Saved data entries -
=====
(* Let $\Sigma,\Gamma$ be finite alphabets, $w\in\Sigma^{\mathbb{N}}$ an infinite word and $h:\Sigma^*\to\Gamma^*$ an injective morphism. If there exists a nonempty word $x$ such that $x^l$ is a factor of $h(w)$ for every $l\in\mathbb{N}$, then $\mathrm{ACE}(w) = \infty$.
   Context: $\mathrm{Fact}_n(w)$ is the set of length-$n$ factors of $w$. For a nonempty word $v$ and integer $p\ge0$, $v^{p/|v|}$ is the prefix of length $p$ of $vvv\cdots$. For a nonempty finite word $u$, $\mathrm{E}(u) = \sup\{ r \in \mathbb{Q} : u = v^r \text{ for some nonempty } v\}$. For an infinite word $w$, $\mathrm{ACE}(w) = \limsup_{n\to\infty}\sup\{\mathrm{E}(u) : u\in\mathrm{Fact}_n(w)\}$. *)

From mathcomp Require Import all_boot all_order all_algebra.
From mathcomp Require Import all_classical all_reals all_analysis.
Set Implicit Arguments. Unset Strict Implicit. Unset Printing Implicit Defensive.
Import Order.TTheory GRing.Theory Num.Theory.
Local Open Scope classical_set_scope.
Local Open Scope ring_scope.

(* v^{p/|v|}: the prefix of length p of v v v ... *)
Definition wpow {T : Type} (x0 : T) (v : seq T) (p : nat) : seq T :=
  mkseq (fun i => nth x0 v (i %% size v)) p.

(* E(u) = sup { r in Q : u = v^r for some nonempty v }, as an extended real.
   u = v^r with r = p/|v| (p a natural number). *)
Definition Eexp (R : realType) {T : eqType} (u : seq T) : \bar R :=
  ereal_sup [set r : \bar R | exists (p : nat) (v : seq T) (x0 : T),
     v != [::] /\ u = wpow x0 v p /\ r = ((p%:R / (size v)%:R : R)%:E)].

Definition Fact {T : Type} (w : nat -> T) (n : nat) : set (seq T) :=
  [set u | exists i, u = mkseq (fun j => w (i + j)) n].

Definition ACE (R : realType) {T : eqType} (w : nat -> T) : \bar R :=
  limn_esup (fun n => ereal_sup [set Eexp R u | u in Fact w n]).

Definition morph {S G : Type} (h : S -> seq G) (s : seq S) : seq G :=
  flatten (map h s).

(* x is a factor of the infinite word h(w) (the concatenation h(w0) h(w1) ...):
   equivalently, x occurs in h(w0 ... w_{n-1}) for some n. *)
Definition factor_of_image {S G : eqType} (h : S -> seq G) (w : nat -> S)
  (x : seq G) : Prop :=
  exists n, infix x (morph h (mkseq w n)).

Definition wrep {T : Type} (x : seq T) (l : nat) : seq T := flatten (nseq l x).

From mathcomp Require Import all_boot all_order all_algebra.
From mathcomp Require Import all_classical all_reals all_analysis.
From mathcomp Require Import zify.
Set Implicit Arguments. Unset Strict Implicit. Unset Printing Implicit Defensive.
Import Order.TTheory GRing.Theory Num.Theory.

(* Let q = |x| and let p_j = |h(w_0 ... w_(j-1))| be the position in h(w) at
   which the image of w_j starts.  Consecutive p_j are at most max_a |h(a)|
   apart, so a long enough occurrence of x^l in h(w) contains many of them, each
   with a phase p_j mod q.  A double pigeonhole gives j1 < j2 <= j1 + q and
   j3 >= j1 + M q with p_j1, p_j2, p_j3 of the same phase.  The images of
   w[j1, j2) and w[j1, j3) are then powers of the same conjugate of x, so they
   commute; since h is injective, w[j1, j2) and w[j1, j3) commute too, hence
   are powers of a common word t.  As |t| <= q, the factor w[j1, j3) = t^k has
   exponent k >= M. *)

Section Words.
Variable T : Type.
Implicit Types (s t u v x : seq T).

Lemma wrepD t m n : wrep t (m + n) = wrep t m ++ wrep t n.
Proof. by elim: m => //= m IH; rewrite /wrep /= -catA -IH. Qed.

Lemma size_wrep t n : size (wrep t n) = n * size t.
Proof. by elim: n => //= n IH; rewrite size_cat IH mulSn. Qed.

Lemma nth_wrep d t n i : i < n * size t ->
  nth d (wrep t n) i = nth d t (i %% size t).
Proof.
elim: n i => [|n IH] i; first by rewrite mul0n.
rewrite /= nth_cat mulSn => lt_i.
case: ltnP => le_ti; first by rewrite modn_small.
rewrite IH; last by rewrite ltn_subLR.
by rewrite -[in RHS](subnK le_ti) modnDr.
Qed.

Lemma wpow_wrep d t n : wpow d t (n * size t) = wrep t n.
Proof.
apply: (@eq_from_nth _ d) => [|i]; rewrite size_mkseq ?size_wrep // => lt_i.
by rewrite nth_mkseq // nth_wrep.
Qed.

Lemma nth_rot d r x i : r <= size x -> i < size x ->
  nth d (rot r x) i = nth d x ((r + i) %% size x).
Proof.
move=> le_r lt_i; rewrite /rot nth_cat size_drop nth_drop.
case: ltnP => [lt_ir | le_i]; first by rewrite modn_small // -ltn_subRL.
rewrite nth_take; last by lia.
have -> : r + i = i - (size x - r) + size x by lia.
by rewrite modnDr modn_small //; lia.
Qed.

Lemma take_drop_wrep x l p k : p + k * size x <= l * size x ->
  take (k * size x) (drop p (wrep x l)) = wrep (rot (p %% size x) x) k.
Proof.
case: x => [|d s] le_pk; first by rewrite !muln0 take0; elim: k {le_pk}.
set x := d :: s in le_pk *; have x_gt0 : 0 < size x by [].
have size_lhs : size (take (k * size x) (drop p (wrep x l))) = k * size x.
  by rewrite size_takel // size_drop size_wrep; lia.
apply: (@eq_from_nth _ d) => [|i]; first by rewrite size_lhs size_wrep size_rot.
rewrite size_lhs => lt_i; rewrite nth_take // nth_drop !nth_wrep ?size_rot //; last by lia.
rewrite nth_rot ?modnDm ?ltn_pmod //; exact/ltnW/ltn_pmod.
Qed.

Lemma cat_comm_wrep u v : u ++ v = v ++ u ->
  exists t m n, u = wrep t m /\ v = wrep t n.
Proof.
have [k] := ubnP (size u + size v); elim: k u v => // k IH u v lt_uv e.
wlog le_uv : u v lt_uv e / size u <= size v.
  move=> H; case: (leqP (size u) (size v)) => [|/ltnW] le; first exact: H.
  have [|t [m [n [-> ->]]]] := H v u _ (esym e) le; first by rewrite addnC.
  by exists t, n, m.
case: u => [|a u] in le_uv lt_uv e *.
  by exists v, 0, 1; rewrite /wrep /= cats0.
set u' := a :: u in le_uv lt_uv e *; set v' := drop (size u') v.
have ev : v = u' ++ v'.
  rewrite -[LHS](cat_take_drop (size u')); congr (_ ++ _).
  by have := congr1 (take (size u')) e; rewrite take_size_cat // takel_cat.
have e' : u' ++ v' = v' ++ u'.
  by have := congr1 (drop (size u')) e; rewrite {1 2}ev -catA !drop_size_cat.
have [|t [m [n [eu ev']]]] := IH u' v' _ e'.
  by move: lt_uv; rewrite ev size_cat /=; lia.
by exists t, m, (m + n); rewrite ev eu ev' wrepD.
Qed.

End Words.

Lemma pigeonhole_nat q (f : nat -> nat) : (forall i, f i < q) ->
  exists i i', [/\ i < i', i' <= q & f i = f i'].
Proof.
move=> lt_fq; pose F (i : 'I_q.+1) : 'I_q := Ordinal (lt_fq i).
have /injectivePn [i [i' neq_ii' /(congr1 val) /= eq_f]] : ~~ injectiveb F.
  by apply/injectiveP => /leq_card; rewrite !card_ord ltnn.
case: (ltngtP i i') => [lt_ii'|lt_i'i|/ord_inj eq_ii'].
- by exists i, i'; split; rewrite // -ltnS.
- by exists i', i; split; rewrite // -ltnS.
- by rewrite eq_ii' eqxx in neq_ii'.
Qed.

Lemma repeat_near_and_far q X s (f : nat -> nat) : (forall i, f i < q) ->
  exists j1 j2 j3, [/\ s <= j1 < j2, j2 <= j1 + q, j1 + X <= j3 + q,
    maxn j2 j3 <= s + q * X + q & f j2 = f j1 /\ f j3 = f j1].
Proof.
move=> lt_fq.
(* Pigeonhole inside each block [s + b X, s + b X + q], then across blocks. *)
have /boolp.choice [P near] : forall b, exists p : nat * nat,
    [/\ p.1 < p.2, p.2 <= q & f (s + b * X + p.1) = f (s + b * X + p.2)].
  move=> b; have [i [i' [? ? ?]]] :=
    pigeonhole_nat (f := fun i => f (s + b * X + i)) (fun i => lt_fq _).
  by exists (i, i').
have [a [a' [lt_aa' le_a'q eq_f]]] :=
  pigeonhole_nat (f := fun b => f (s + b * X + (P b).1)) (fun b => lt_fq _).
have [lt_P1 le_P2 eq_P] := near a; have [lt_P1' le_P2' _] := near a'.
exists (s + a * X + (P a).1), (s + a * X + (P a).2), (s + a' * X + (P a').1).
have le_aX : a.+1 * X <= a' * X by rewrite leq_mul2r lt_aa' orbT.
have le_a'X : a' * X <= q * X by rewrite leq_mul2r le_a'q orbT.
rewrite mulSn in le_aX; split; [lia | lia | lia | | lia].
by rewrite geq_max; apply/andP; split; lia.
Qed.

Definition seg (T : Type) (w : nat -> T) (i k : nat) : seq T :=
  mkseq (fun j => w (i + j)) k.

Lemma mkseq_seg (T : Type) (w : nat -> T) m n :
  mkseq w (m + n) = mkseq w m ++ seg w m n.
Proof.
rewrite /seg /mkseq iotaD map_cat add0n; congr (_ ++ _).
by rewrite -[in iota m n](addn0 m) iotaDl -map_comp.
Qed.

Lemma morph_cat (S G : Type) (h : S -> seq G) s t :
  morph h (s ++ t) = morph h s ++ morph h t.
Proof. by rewrite /morph map_cat flatten_cat. Qed.

Section ImageLengths.
Variables (S : finType) (G : Type) (h : S -> seq G) (w : nat -> S).
Hypothesis h_inj : injective (morph h).

Definition img_len j := size (morph h (mkseq w j)).

Definition hmax := \max_(a : S) size (h a).

Lemma size_h_gt0 a : 0 < size (h a).
Proof.
case ha: (h a) => [|//].
by have /h_inj : morph h [:: a] = morph h [:: a; a] by rewrite /morph /= ha.
Qed.

Lemma size_h_le a : size (h a) <= hmax.
Proof. exact: leq_bigmax. Qed.

Lemma img_lenS j : img_len j.+1 = img_len j + size (h (w j)).
Proof. by rewrite /img_len mkseqS -cats1 morph_cat size_cat /morph /= cats0. Qed.

Lemma img_len_leq : {homo img_len : j j' / j <= j'}.
Proof.
by apply: homo_leq => [//|? ? ?|j]; [exact: leq_trans | rewrite img_lenS leq_addr].
Qed.

Lemma img_len_homo : {homo img_len : j j' / j < j'}.
Proof.
apply: homo_ltn => [? ? ?|j]; first exact: ltn_trans.
by rewrite img_lenS -addn1 leq_add2l size_h_gt0.
Qed.

Lemma img_len_mono : {mono img_len : j j' / j <= j'}.
Proof. exact/leq_mono/img_len_homo. Qed.

Lemma img_len_addn_le j k : img_len (j + k) <= img_len j + k * hmax.
Proof.
elim: k => [|k IH]; first by rewrite addn0 mul0n addn0.
by rewrite addnS img_lenS mulSn; have := size_h_le (w (j + k)); lia.
Qed.

Lemma img_len_near o n : o <= img_len n -> exists j, o <= img_len j <= o + hmax.
Proof.
elim: n => [|n IH]; first by rewrite leqn0 => /eqP ->; exists 0.
case: (leqP o (img_len n)) => [/IH //|lt_o]; rewrite img_lenS => le_o.
by exists n.+1; rewrite img_lenS le_o; have := size_h_le (w n); lia.
Qed.

Lemma morph_mkseq_split j n : j <= n ->
  morph h (mkseq w n) = morph h (mkseq w j) ++ morph h (seg w j (n - j)).
Proof. by move=> le_jn; rewrite -morph_cat -mkseq_seg subnKC. Qed.

Lemma morph_seg j j' n : j <= j' <= n ->
  morph h (seg w j (j' - j)) =
  take (img_len j' - img_len j) (drop (img_len j) (morph h (mkseq w n))).
Proof.
move=> /andP [le_jj' le_j'n].
rewrite take_drop subnK ?img_len_leq // (morph_mkseq_split le_j'n) take_size_cat //.
by rewrite (morph_mkseq_split le_jj') drop_size_cat.
Qed.

End ImageLengths.

Section PowerWindow.
Variables (S : finType) (G : Type) (h : S -> seq G) (w : nat -> S).
Hypothesis h_inj : injective (morph h).
Variables (n l : nat) (s1 x s2 : seq G).
Hypothesis img_n : morph h (mkseq w n) = s1 ++ wrep x l ++ s2.

Local Notation img_len := (img_len h w).

Lemma morph_seg_wrep j j' : j <= j' ->
  size s1 <= img_len j -> img_len j' <= size s1 + l * size x ->
  img_len j' = img_len j %[mod size x] ->
  morph h (seg w j (j' - j)) =
  wrep (rot ((img_len j - size s1) %% size x) x) ((img_len j' - img_len j) %/ size x).
Proof.
move=> le_jj' le_s1 le_end eq_mod.
have le_cut : img_len j <= img_len j' by apply: img_len_leq.
have le_j'n : j' <= n.
  rewrite -(img_len_mono w h_inj) {2}/img_len img_n !size_cat size_wrep; lia.
have /divnK dvd_q : size x %| img_len j' - img_len j by rewrite -eqn_mod_dvd // eq_mod.
rewrite (@morph_seg _ _ h w j j' n) ?le_jj' // img_n take_drop catA takel_cat; last first.
  by rewrite size_cat size_wrep; lia.
rewrite -take_drop drop_cat ltnNge le_s1 /= -[in take _]dvd_q take_drop_wrep //.
lia.
Qed.

Lemma seg_comm j j2 j3 : j <= j2 -> j <= j3 -> size s1 <= img_len j ->
  img_len j2 <= size s1 + l * size x -> img_len j3 <= size s1 + l * size x ->
  img_len j2 = img_len j %[mod size x] -> img_len j3 = img_len j %[mod size x] ->
  seg w j (j2 - j) ++ seg w j (j3 - j) = seg w j (j3 - j) ++ seg w j (j2 - j).
Proof.
move=> le_j2 le_j3 le_s1 le_end2 le_end3 eq_mod2 eq_mod3.
by apply: h_inj; rewrite !morph_cat !morph_seg_wrep // -!wrepD addnC.
Qed.

End PowerWindow.

Section LongPowers.
Variables (S : finType) (G : eqType) (h : S -> seq G) (w : nat -> S).
Hypothesis h_inj : injective (morph h).

Local Notation img_len := (img_len h w).

Lemma long_power_factor x : x != [::] ->
  (forall l, factor_of_image h w (wrep x l)) ->
  forall M, exists i t k, [/\ t != [::], M <= k & seg w i (k * size t) = wrep t k].
Proof.
move=> x_neq0 x_fac M; set q := size x.
have q_gt0 : 0 < q by rewrite lt0n size_eq0.
set X := M.+1 * q; set K := q * X + q; set l := hmax h * K.+1.
have [n /infixP [s1 [s2 img_n]]] := x_fac l.
have [j0 /andP [le_s1 le_j0]] : exists j, size s1 <= img_len j <= size s1 + hmax h.
  by apply: (@img_len_near _ _ h w _ n); rewrite /img_len img_n !size_cat; lia.
have window j : j0 <= j <= j0 + K -> size s1 <= img_len j <= size s1 + l * q.
  case/andP => le_j0j le_jK; have le_lq : l <= l * q by rewrite leq_pmulr.
  have := img_len_leq h w le_j0j; have := img_len_leq h w le_jK.
  have := img_len_addn_le h w j0 K; lia.
have [j1 [j2 [j3 [/andP [le_j01 lt_j12] le_j21 le_j13 le_j23 [eq_mod2 eq_mod3]]]]] :=
  repeat_near_and_far X j0 (f := fun j => img_len j %% q) (fun j => ltn_pmod _ q_gt0).
have le_j13' : j1 <= j3 by move: le_j13; rewrite /X mulSn; lia.
have [w1 w2 w3] : [/\ j0 <= j1 <= j0 + K, j0 <= j2 <= j0 + K & j0 <= j3 <= j0 + K].
  by move: le_j23; rewrite geq_max /K => /andP [? ?]; split; lia.
have := seg_comm h_inj img_n (ltnW lt_j12) le_j13'.
case/andP: (window _ w1) => le1 _; case/andP: (window _ w2) => _ le2.
case/andP: (window _ w3) => _ le3.
move=> /(_ le1 le2 le3 eq_mod2 eq_mod3) /cat_comm_wrep [t [m [k [e12 e13]]]].
have := congr1 size e12; have := congr1 size e13; rewrite !size_mkseq !size_wrep.
move=> size13 size12.
have m_gt0 : 0 < m by case: m size12 {e12} => //; lia.
have t_gt0 : 0 < size t by case: (size t) size12; lia.
have le_tq : size t <= q by rewrite (leq_trans (leq_pmull _ m_gt0)) //; lia.
exists j1, t, k; split; first by rewrite -size_eq0 -lt0n.
  rewrite -(leq_pmul2r t_gt0) (leq_trans (leq_mul (leqnn M) le_tq)) //.
  by move: le_j13; rewrite /X mulSn; lia.
by rewrite -size13 e13.
Qed.

End LongPowers.

Section ExtendedReals.
Local Open Scope ereal_scope.
Variable R : realType.

Lemma natr_ubound_pinfty (y : \bar R) : (forall n : nat, n%:R%:E <= y) -> y = +oo.
Proof.
case: y => [r | // | /(_ 0%N)//] ub; have := ub (Num.Def.trunc r).+1.
by rewrite lee_fin leNgt truncnS_gt.
Qed.

Lemma limn_esup_pinfty (u : (\bar R)^nat) :
  (forall N M : nat, exists2 k, (N <= k)%N & M%:R%:E <= u k) -> limn_esup u = +oo.
Proof.
move=> ub; rewrite limn_esup_lim.
have -> : esups u = cst +oo.
  apply/funext => N; apply: natr_ubound_pinfty => M; have [k le_Nk le_Mu] := ub N M.
  by apply: le_ereal_sup_tmp; exists (u k) => //; exists k.
exact: (lim_cst (@ereal_hausdorff R)).
Qed.

Lemma Eexp_wrep_ge (T : eqType) (t : seq T) n : t != [::] ->
  n%:R%:E <= Eexp R (wrep t n).
Proof.
case: t => [|a s] // _; apply: ereal_sup_ubound.
exists (n * size (a :: s))%N, (a :: s), a; split; rewrite ?wpow_wrep //.
by rewrite natrM mulfK // pnatr_eq0.
Qed.

End ExtendedReals.

Theorem lemma15 (R : realType) (Sigma Gamma : finType) (w : nat -> Sigma)
  (h : Sigma -> seq Gamma) :
  injective (morph h) ->
  (exists x : seq Gamma, x != [::] /\ forall l : nat, factor_of_image h w (wrep x l)) ->
  ACE R w = +oo%E.
Proof.
move=> h_inj [x [x_neq0 /(long_power_factor h_inj x_neq0) long_pow]].
apply: limn_esup_pinfty => N M.
have [i [t [k [t_neq0 le_k seg_ik]]]] := long_pow (maxn N M).
have t_gt0 : (0 < size t)%N by rewrite lt0n size_eq0.
exists (k * size t)%N.
  by rewrite (leq_trans (leq_maxl N M)) // (leq_trans le_k) ?leq_pmulr.
apply: le_ereal_sup_tmp; exists (Eexp R (wrep t k)).
  by exists (wrep t k) => //; exists i; rewrite -seg_ik.
apply: le_trans (Eexp_wrep_ge R k t_neq0); rewrite lee_fin ler_nat.
exact: leq_trans (leq_maxr N M) le_k.
Qed.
=====
TRY IT - Retype only the lines above between the line with "exists j1, t, k;" and the line with "apply: le_trans (Eexp_wrep_ge", counting those two lines as well, and keep every character as it is.

EXERCISE RESULT -
exists j1, t, k; split; first by rewrite -size_eq0 -lt0n.
  rewrite -(leq_pmul2r t_gt0) (leq_trans (leq_mul (leqnn M) le_tq)) //.
  by move: le_j13; rewrite /X mulSn; lia.
by rewrite -size13 e13.
Qed.

End LongPowers.

Section ExtendedReals.
Local Open Scope ereal_scope.
Variable R : realType.

Lemma natr_ubound_pinfty (y : \bar R) : (forall n : nat, n%:R%:E <= y) -> y = +oo.
Proof.
case: y => [r | // | /(_ 0%N)//] ub; have := ub (Num.Def.trunc r).+1.
by rewrite lee_fin leNgt truncnS_gt.
Qed.

Lemma limn_esup_pinfty (u : (\bar R)^nat) :
  (forall N M : nat, exists2 k, (N <= k)%N & M%:R%:E <= u k) -> limn_esup u = +oo.
Proof.
move=> ub; rewrite limn_esup_lim.
have -> : esups u = cst +oo.
  apply/funext => N; apply: natr_ubound_pinfty => M; have [k le_Nk le_Mu] := ub N M.
  by apply: le_ereal_sup_tmp; exists (u k) => //; exists k.
exact: (lim_cst (@ereal_hausdorff R)).
Qed.

Lemma Eexp_wrep_ge (T : eqType) (t : seq T) n : t != [::] ->
  n%:R%:E <= Eexp R (wrep t n).
Proof.
case: t => [|a s] // _; apply: ereal_sup_ubound.
exists (n * size (a :: s))%N, (a :: s), a; split; rewrite ?wpow_wrep //.
by rewrite natrM mulfK // pnatr_eq0.
Qed.

End ExtendedReals.

Theorem lemma15 (R : realType) (Sigma Gamma : finType) (w : nat -> Sigma)
  (h : Sigma -> seq Gamma) :
  injective (morph h) ->
  (exists x : seq Gamma, x != [::] /\ forall l : nat, factor_of_image h w (wrep x l)) ->
  ACE R w = +oo%E.
Proof.
move=> h_inj [x [x_neq0 /(long_power_factor h_inj x_neq0) long_pow]].
apply: limn_esup_pinfty => N M.
have [i [t [k [t_neq0 le_k seg_ik]]]] := long_pow (maxn N M).
have t_gt0 : (0 < size t)%N by rewrite lt0n size_eq0.
exists (k * size t)%N.
  by rewrite (leq_trans (leq_maxl N M)) // (leq_trans le_k) ?leq_pmulr.
apply: le_ereal_sup_tmp; exists (Eexp R (wrep t k)).
  by exists (wrep t k) => //; exists i; rewrite -seg_ik.
apply: le_trans (Eexp_wrep_ge R k t_neq0); rewrite lee_fin ler_nat.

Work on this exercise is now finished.